Artist: Carlos Betancourt
Title:  Milagros!
Site-specific installation, Española Way, 2021

A collaboration between Betancourt and architect Alberto Latorre, Milagros! is an ephemeral installation inspired by an old folk custom traceable to the ancient Iberians who inhabited the coastal regions of Spain. The work is composed of hundreds of charms hanging on wire garlands above the street, presented as symbols of devotion, hope, and healing. These charms can usually be seen attached to altars and shrines, often presented as a votive offering for healing purposes. Also called ex-votos or promesas they can be found internationally, but particularly in Latin America. Depending on local customs, they can be made of different materials but are generally tin and metals. A mechanism to activate the viewer’s wishes and desires, Milagros alludes to the importance of history, traditions, and cultural heritage in the context of an increasingly hegemonic contemporary culture.

In developing the work, Betancourt invited friends and the public to submit their most significant desires and wishes which he utilized for inspiration and direction. On the public unveiling, viewers are invited to process the suspended “temple” above their heads as a way to symbolically activate the installation.

Carlos Betancourt (born San Juan, Puerto Rico 1966) is an American artist, generally described as a multi-disciplinary artist. His artworks explore issues of memory, and his own experiences, while also dwelling in issues of nature, the environment and matters of beauty, identity, and communication. By means of re-examination, he recycles and reinterprets the past by delivering it in a fresh and new relevant context. Influenced by personal memories, he believes that art can be informed by one’s own experiences, not necessarily the other way around.

Mr.
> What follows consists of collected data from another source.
(* Let $a,c$ be nonzero constants, $N\ge1$, and $c_i,d_i,p_i,q_i,\xi_{i0},\eta_{i0}$ arbitrary real or complex parameters (with $p_i,q_i\neq0$, $1-ap_i,1-aq_i\neq0$). Define $$\phi^{(i)}_{n,m}(k)=c_ip_i^n(1-cp_i)^m(1-ap_i)^{-k}e^{\xi_i}+d_iq_i^n(1-cq_i)^m(1-aq_i)^{-k}e^{\eta_i},\quad \xi_i=p_i^{-1}x_{-1}+\xi_{i0},\ \eta_i=q_i^{-1}x_{-1}+\eta_{i0},$$ and $\tau_{n,m}(x_{-1},k)=\det(\phi^{(i)}_{n+j-1,m}(k))_{1\le i,j\le N}$; alternatively (with $p_i+q_j\neq0$, $1+aq_j\ne0$, $c_{ij}$ arbitrary constants, $\eta_j=q_j^{-1}x_{-1}+\eta_{j0}$) $$\tau_{n,m}(x_{-1},k)=\det\Big(c_{ij}+\frac{1}{p_i+q_j}\Big(-\frac{p_i}{q_j}\Big)^n\Big(\frac{1-cp_i}{1+cq_j}\Big)^m\Big(\frac{1-ap_i}{1+aq_j}\Big)^{-k}e^{\xi_i+\eta_j}\Big)_{1\le i,j\le N}.$$ Then for all integers $n,m,k$: $$\Big(\tfrac1aD_{x_{-1}}-1\Big)\tau_{n,m}(k+1)\cdot\tau_{n,m}(k)+\tau_{n+1,m}(k+1)\tau_{n-1,m}(k)=0,$$ $$\Big(\tfrac1cD_{x_{-1}}-1\Big)\tau_{n,m}(k)\cdot\tau_{n,m+1}(k)+\tau_{n+1,m}(k)\tau_{n-1,m+1}(k)=0.$$
   Context: Hirota operator: $D_x\,a\cdot b=(\partial_x-\partial_{x'})a(x)b(x')|_{x'=x}=a_xb-ab_x$; the term ''$-1$'' acts as $-ab$. *)

From mathcomp Require Import all_boot all_order all_algebra.
From mathcomp Require Import all_classical all_reals all_analysis.
From mathcomp Require Export complex.
Import GRing.Theory Num.Theory.

Set Implicit Arguments. Unset Strict Implicit. Unset Printing Implicit Defensive.

Local Open Scope ring_scope.
Local Open Scope complex_scope.

Section Defs.
Variable R : realType.
Local Notation C := R[i].

Definition cexp (z : C) : C :=
  (expR (complex.Re z))%:C * (cos (complex.Im z) +i* sin (complex.Im z)).

Definition cderiv (f : R -> C) (x : R) : C :=
  derive1 (fun t => complex.Re (f t)) x +i* derive1 (fun t => complex.Im (f t)) x.

(* Hirota bilinear operator: (1/a D_x - 1) f . g = a^-1 (f_x g - f g_x) - f g *)
Definition hirota (a : C) (f g : R -> C) (x : R) : C :=
  a^-1 * (cderiv f x * g x - f x * cderiv g x) - f x * g x.

Definition bilinear_pair (a c : C) (tau : int -> int -> int -> R -> C) : Prop :=
  forall (n m k : int) (x : R),
    hirota a (tau n m (k + 1)) (tau n m k) x
      + tau (n + 1) m (k + 1) x * tau (n - 1) m k x = 0
 /\ hirota c (tau n m k) (tau n (m + 1) k) x
      + tau (n + 1) m k x * tau (n - 1) (m + 1) k x = 0.

Variable N : nat.

Definition phi1 (a c : C) (ci di p q xi0 eta0 : 'I_N -> C)
  (i : 'I_N) (n m k : int) (x : R) : C :=
  ci i * p i ^ n * (1 - c * p i) ^ m * (1 - a * p i) ^ (- k)
    * cexp ((p i)^-1 * x%:C + xi0 i)
  + di i * q i ^ n * (1 - c * q i) ^ m * (1 - a * q i) ^ (- k)
    * cexp ((q i)^-1 * x%:C + eta0 i).

(* tau_{n,m}(x,k) = det (phi^{(i)}_{n+j-1,m}(k))_{1<=i,j<=N};
   with 0-based j : 'I_N this is phi^{(i)}_{n+j,m}(k) *)
Definition tau1 (a c : C) (ci di p q xi0 eta0 : 'I_N -> C)
  (n m k : int) (x : R) : C :=
  \det (\matrix_(i < N, j < N) phi1 a c ci di p q xi0 eta0 i (n + (j : nat)%:Z) m k x).

Definition tau2 (a c : C) (cij : 'I_N -> 'I_N -> C) (p q xi0 eta0 : 'I_N -> C)
  (n m k : int) (x : R) : C :=
  \det (\matrix_(i < N, j < N)
    (cij i j + (p i + q j)^-1 * (- (p i / q j)) ^ n
       * ((1 - c * p i) / (1 + c * q j)) ^ m
       * ((1 - a * p i) / (1 + a * q j)) ^ (- k)
       * cexp (((p i)^-1 * x%:C + xi0 i) + ((q j)^-1 * x%:C + eta0 j)))).

End Defs.

From mathcomp Require Import all_boot all_order all_algebra.
From mathcomp Require Import all_classical all_reals all_analysis.
From mathcomp Require Import complex.
From mathcomp Require Import perm ring.
Set Implicit Arguments. Unset Strict Implicit. Unset Printing Implicit Defensive.
Import GRing.Theory Num.Theory.
Local Open Scope ring_scope.
Local Open Scope complex_scope.

(* Both tau-functions are determinants, and each bilinear equation is an instance of the
   three-term Pluecker relation [x y][z v] - [x z][y v] + [x v][y z] = 0 between determinants
   that share all rows but two.
   Casorati solution: d/dx_{-1} lowers n by one, while phi(k) = phi(k+1) - a phi_{n+1}(k+1)
   and phi(m+1) = phi(m) - c phi_{n+1}(m). Triangular row operations rewrite all six
   determinants of an equation as brackets [_ _] over the middle rows W_1, ..., W_n of the
   differences W_j = U_j - a U_{j+1}, with the outer rows chosen among four vectors.
   Gram solution: the derivative and the shifts multiply the Cauchy-like part of the entries
   by factors that split as rank-one updates, so every determinant of an equation is
   det (M + u1 x + u2 y) for x, y in one plane; bordering M by u1, u2 turns these into
   brackets of a bigger matrix and the Pluecker relation applies again. *)

Section RowReplacement.
Variables (F : fieldType) (n : nat).
Implicit Types (f g : 'I_n -> 'rV[F]_n) (r : 'rV[F]_n).

Definition mx_of_rows f : 'M[F]_n := \matrix_(i, j) f i 0 j.

Definition set_row f (i0 : 'I_n) r : 'I_n -> 'rV[F]_n :=
  fun i => if i == i0 then r else f i.

Definition det_set_row f (i0 : 'I_n) r := \det (mx_of_rows (set_row f i0 r)).

Lemma eq_mx_of_rows f g : f =1 g -> mx_of_rows f = mx_of_rows g.
Proof. by move=> e; apply/matrixP=> i j; rewrite !mxE e. Qed.

Lemma row_mx_of_rows f i : row i (mx_of_rows f) = f i.
Proof. by apply/rowP=> j; rewrite !mxE. Qed.

Lemma mx_of_rowsK (A : 'M[F]_n) : mx_of_rows (fun i => row i A) = A.
Proof. by apply/matrixP => i j; rewrite !mxE. Qed.

Lemma det_set_row_cofactor f i0 r :
  det_set_row f i0 r = \sum_j r 0 j * cofactor (mx_of_rows f) i0 j.
Proof.
rewrite /det_set_row (expand_det_row _ i0); apply: eq_bigr => j _.
rewrite !mxE /set_row eqxx; congr (_ * _); rewrite !expand_cofactor.
apply: eq_bigr => s _; congr (_ * _); apply: eq_bigr => k.
by rewrite eq_sym => /negPf nk; rewrite !mxE /set_row nk.
Qed.

Lemma det_set_rowE f i0 r :
  det_set_row f i0 r = (r *m \col_j cofactor (mx_of_rows f) i0 j) 0 0.
Proof. by rewrite det_set_row_cofactor mxE; apply: eq_bigr => j _; rewrite mxE. Qed.

Lemma det_set_rowD f i0 r r' :
  det_set_row f i0 (r + r') = det_set_row f i0 r + det_set_row f i0 r'.
Proof. by rewrite !det_set_rowE mulmxDl mxE. Qed.

Lemma det_set_rowZ f i0 c r : det_set_row f i0 (c *: r) = c * det_set_row f i0 r.
Proof. by rewrite !det_set_rowE -scalemxAl mxE. Qed.

Lemma det_set_rowN f i0 r : det_set_row f i0 (- r) = - det_set_row f i0 r.
Proof. by rewrite -scaleN1r det_set_rowZ mulN1r. Qed.

Lemma det_set_row_sum f i0 (c : 'I_n -> F) (rs : 'I_n -> 'rV[F]_n) :
  det_set_row f i0 (\sum_k c k *: rs k) = \sum_k c k * det_set_row f i0 (rs k).
Proof.
rewrite det_set_rowE mulmx_suml summxE; apply: eq_bigr => k _.
by rewrite -scalemxAl mxE det_set_rowE.
Qed.

Lemma det_set_row_dup f i0 j : j != i0 -> det_set_row f i0 (f j) = 0.
Proof.
move=> ne; apply: (@determinant_alternate _ _ _ i0 j); first by rewrite eq_sym.
by move=> k; rewrite !mxE /set_row eqxx (negPf ne).
Qed.

Lemma det_set_row_id f i0 : det_set_row f i0 (f i0) = \det (mx_of_rows f).
Proof.
by congr (\det _); apply: eq_mx_of_rows => i; rewrite /set_row; case: eqP => // ->.
Qed.

(* Cramer's rule, read on rows: [z adj(A) A = det A z]. *)
Lemma scale_det_row_expansion (A : 'M[F]_n) (z : 'rV[F]_n) :
  \det A *: z = \sum_j det_set_row (fun i => row i A) j z *: row j A.
Proof.
have -> : \det A *: z = z *m \adj A *m A by rewrite -mulmxA mul_adj_mx mul_mx_scalar.
rewrite mulmx_sum_row; apply: eq_bigr => j _; congr (_ *: _).
rewrite det_set_row_cofactor mx_of_rowsK mxE; apply: eq_bigr => i _; by rewrite mxE.
Qed.

End RowReplacement.

Section Bracket.
Variables (F : fieldType) (n : nat) (f : 'I_n -> 'rV[F]_n) (i0 i1 : 'I_n).
Hypothesis i01 : i0 != i1.
Implicit Types (p q x y z v : 'rV[F]_n).

Definition bracket p q := \det (mx_of_rows (set_row (set_row f i1 q) i0 p)).

Lemma bracketEl p q : bracket p q = det_set_row (set_row f i1 q) i0 p.
Proof. by []. Qed.

Lemma bracketEr p q : bracket p q = det_set_row (set_row f i0 p) i1 q.
Proof.
congr (\det _); apply: eq_mx_of_rows => i; rewrite /set_row.
have [->|_] := eqVneq i i0; first by rewrite (negPf i01).
by case: (i == i1).
Qed.

Lemma bracketDl p p' q : bracket (p + p') q = bracket p q + bracket p' q.
Proof. by rewrite !bracketEl det_set_rowD. Qed.
Lemma bracketZl c p q : bracket (c *: p) q = c * bracket p q.
Proof. by rewrite !bracketEl det_set_rowZ. Qed.
Lemma bracketBl p p' q : bracket (p - p') q = bracket p q - bracket p' q.
Proof. by rewrite !bracketEl det_set_rowD det_set_rowN. Qed.
Lemma bracketDr p q q' : bracket p (q + q') = bracket p q + bracket p q'.
Proof. by rewrite !bracketEr det_set_rowD. Qed.
Lemma bracketZr c p q : bracket p (c *: q) = c * bracket p q.
Proof. by rewrite !bracketEr det_set_rowZ. Qed.
Lemma bracketBr p q q' : bracket p (q - q') = bracket p q - bracket p q'.
Proof. by rewrite !bracketEr det_set_rowD det_set_rowN. Qed.

Lemma bracket_diag p : bracket p p = 0.
Proof.
apply: (@determinant_alternate _ _ _ i0 i1) => // k.
by rewrite !mxE /set_row !eqxx eq_sym (negPf i01).
Qed.

Lemma bracketC p q : bracket q p = - bracket p q.
Proof.
have := bracket_diag (p + q); rewrite bracketDl !bracketDr !bracket_diag add0r addr0.
by move/eqP; rewrite addr_eq0 => /eqP ->; rewrite opprK.
Qed.

Lemma bracket_row j q : j != i0 -> j != i1 -> bracket (f j) q = 0.
Proof.
move=> h0 h1; rewrite bracketEl.
have -> : f j = set_row f i1 q j by rewrite /set_row (negPf h1).
exact: det_set_row_dup.
Qed.

(* Expand [z] in the rows of the matrix with rows [x], [y] and pair the expansion
   with the linear form [bracket _ v]; only the coefficients of [x] and [y] survive. *)
Lemma pluecker x y z v :
  bracket x y * bracket z v - bracket x z * bracket y v + bracket x v * bracket y z = 0.
Proof.
set A := mx_of_rows (set_row (set_row f i1 y) i0 x).
have i10 : i1 != i0 by rewrite eq_sym.
have := congr1 (det_set_row (set_row f i1 v) i0) (scale_det_row_expansion A z).
rewrite det_set_rowZ det_set_row_sum -!bracketEl.
rewrite (bigD1 i0) //= (bigD1 i1) //= big1 ?addr0; last first.
  move=> j /andP [h1 h0]; rewrite /A row_mx_of_rows /set_row (negPf h1) (negPf h0).
  by rewrite -bracketEl bracket_row // mulr0.
have r0 : row i0 A = x by rewrite /A row_mx_of_rows /set_row eqxx.
have r1 : row i1 A = y by rewrite /A row_mx_of_rows /set_row (negPf i10) eqxx.
have c0 : det_set_row (fun i => row i A) i0 z = bracket z y.
  congr (\det _); apply: eq_mx_of_rows => i.
  by rewrite /A /set_row row_mx_of_rows /set_row; case: eqP.
have c1 : det_set_row (fun i => row i A) i1 z = bracket x z.
  congr (\det _); apply: eq_mx_of_rows => i.
  rewrite /A /set_row row_mx_of_rows /set_row.
  by case: (eqVneq i i1) => [->|//]; rewrite (negPf i10).
rewrite r0 r1 c0 c1 -!bracketEl (bracketC y z) => ->; ring.
Qed.

End Bracket.

Section RankUpdates.
Variable F : fieldType.

Lemma det_add_row_multiples n (g : 'I_n -> 'rV[F]_n) (j0 : 'I_n) (c : 'I_n -> F) :
  c j0 = 0 -> \det (mx_of_rows (fun i => g i + c i *: g j0)) = \det (mx_of_rows g).
Proof.
move=> cj0.
pose G k (i : 'I_n) := if (i < k)%N then g i + c i *: g j0 else g i.
have Gj0 k : G k j0 = g j0 by rewrite /G; case: ifP; rewrite ?cj0 ?scale0r ?addr0.
suff step k : (k <= n)%N -> \det (mx_of_rows (G k)) = \det (mx_of_rows g).
  rewrite -(step n) //; congr (\det _); apply: eq_mx_of_rows => i.
  by rewrite /G ltn_ord.
elim: k => [|k IH] Hk; first by congr (\det _); apply: eq_mx_of_rows.
set kk := Ordinal Hk.
have -> : mx_of_rows (G k.+1) = mx_of_rows (set_row (G k) kk (G k kk + c kk *: G k j0)).
  apply: eq_mx_of_rows => i; rewrite Gj0 /set_row /G.
  have [->|nik] := eqVneq i kk; first by rewrite /= ltnSn ltnn.
  by rewrite ltnS leq_eqVlt -[(i : nat) == k]/(i == kk) (negPf nik).
rewrite -/(det_set_row (G k) kk _) det_set_rowD det_set_rowZ det_set_row_id.
have [e|ne] := eqVneq j0 kk.
  by rewrite -e cj0 mul0r addr0; apply: IH; apply: ltnW.
by rewrite det_set_row_dup // mulr0 addr0; apply: IH; apply: ltnW.
Qed.

Lemma det_add_rank1 n (M : 'M[F]_n) (u : 'cV[F]_n) (v : 'rV[F]_n) :
  \det (M + u *m v) = \det M + \sum_i u i 0 * det_set_row (fun i => row i M) i v.
Proof.
pose G k (i : 'I_n) := if (i < k)%N then row i M + u i 0 *: v else row i M.
suff step k : (k <= n)%N -> \det (mx_of_rows (G k))
    = \det M + \sum_(i : 'I_n | (i < k)%N) u i 0 * det_set_row (fun i => row i M) i v.
  have -> : M + u *m v = mx_of_rows (G n).
    by apply/matrixP => i j; rewrite !mxE /G ltn_ord big_ord1 !mxE.
  by rewrite step //; congr (_ + _); apply: eq_bigl => i; rewrite ltn_ord.
elim: k => [|k IH] Hk.
  rewrite big_pred0 // addr0 -[in RHS](mx_of_rowsK M).
  by congr (\det _); apply: eq_mx_of_rows.
set kk := Ordinal Hk.
have -> : mx_of_rows (G k.+1) = mx_of_rows (set_row (G k) kk (G k kk + u kk 0 *: v)).
  apply: eq_mx_of_rows => i; rewrite /set_row /G.
  have [->|nik] := eqVneq i kk; first by rewrite /= ltnSn ltnn.
  by rewrite ltnS leq_eqVlt -[(i : nat) == k]/(i == kk) (negPf nik).
rewrite -/(det_set_row (G k) kk _) det_set_rowD det_set_rowZ det_set_row_id IH; last exact: ltnW.
have -> : det_set_row (G k) kk v = det_set_row (fun i => row i M) kk v.
  rewrite /det_set_row -(@det_add_row_multiples n (set_row (fun i => row i M) kk v) kk
    (fun i => if (i < k)%N then u i 0 else 0)) /= ?ltnn //.
  congr (\det _); apply: eq_mx_of_rows => i.
  rewrite /set_row /G; have [->|nik] := eqVneq i kk; first by rewrite /= ltnn scale0r addr0.
  by rewrite eqxx; case: ifP => _; rewrite ?scale0r ?addr0.
rewrite [in RHS](bigD1 kk) /= ?ltnSn // -addrA; congr (_ + _); rewrite addrC; congr (_ + _).
apply: eq_bigl => i; rewrite ltnS.
have [->|nik] := eqVneq i kk; first by rewrite /= ltnn andbF.
by rewrite andbT ltn_neqAle -[(i : nat) == k]/(i == kk) nik.
Qed.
Betancourt’s artwork is part of public collections such as the Smithsonian’ National Portrait Gallery in Washington, D.C., the Metropolitan Museum of Art in New York, NSU Art Museum Fort Lauderdale, San Antonio Museum of Art, Texas, New Orleans Museum of Art, Louisiana, Palm Springs Arts Museum, California, Bass Museum of Art, Florida, PAMM Perez Art Museum, Florida, Museo de Arte Ponde, Puerto Rico. His work is exhibited in various galleries as well as art fairs such as Art Basel and Arco. He is the recipient of numerous awards and grants, including the Florida Department of State Millennium Cultural Recognition Award, a National Endowment for the Arts Grant, Bas-Fisher Invitational Grant, the Florida Prize on Contemporary Art People Choice Award, and the Miami Beach Cultural Arts Council Grant . He has worked as a curator, furniture designer and has collaborated in architectural and site-specific private and public commissions with architect Alberto Latorre.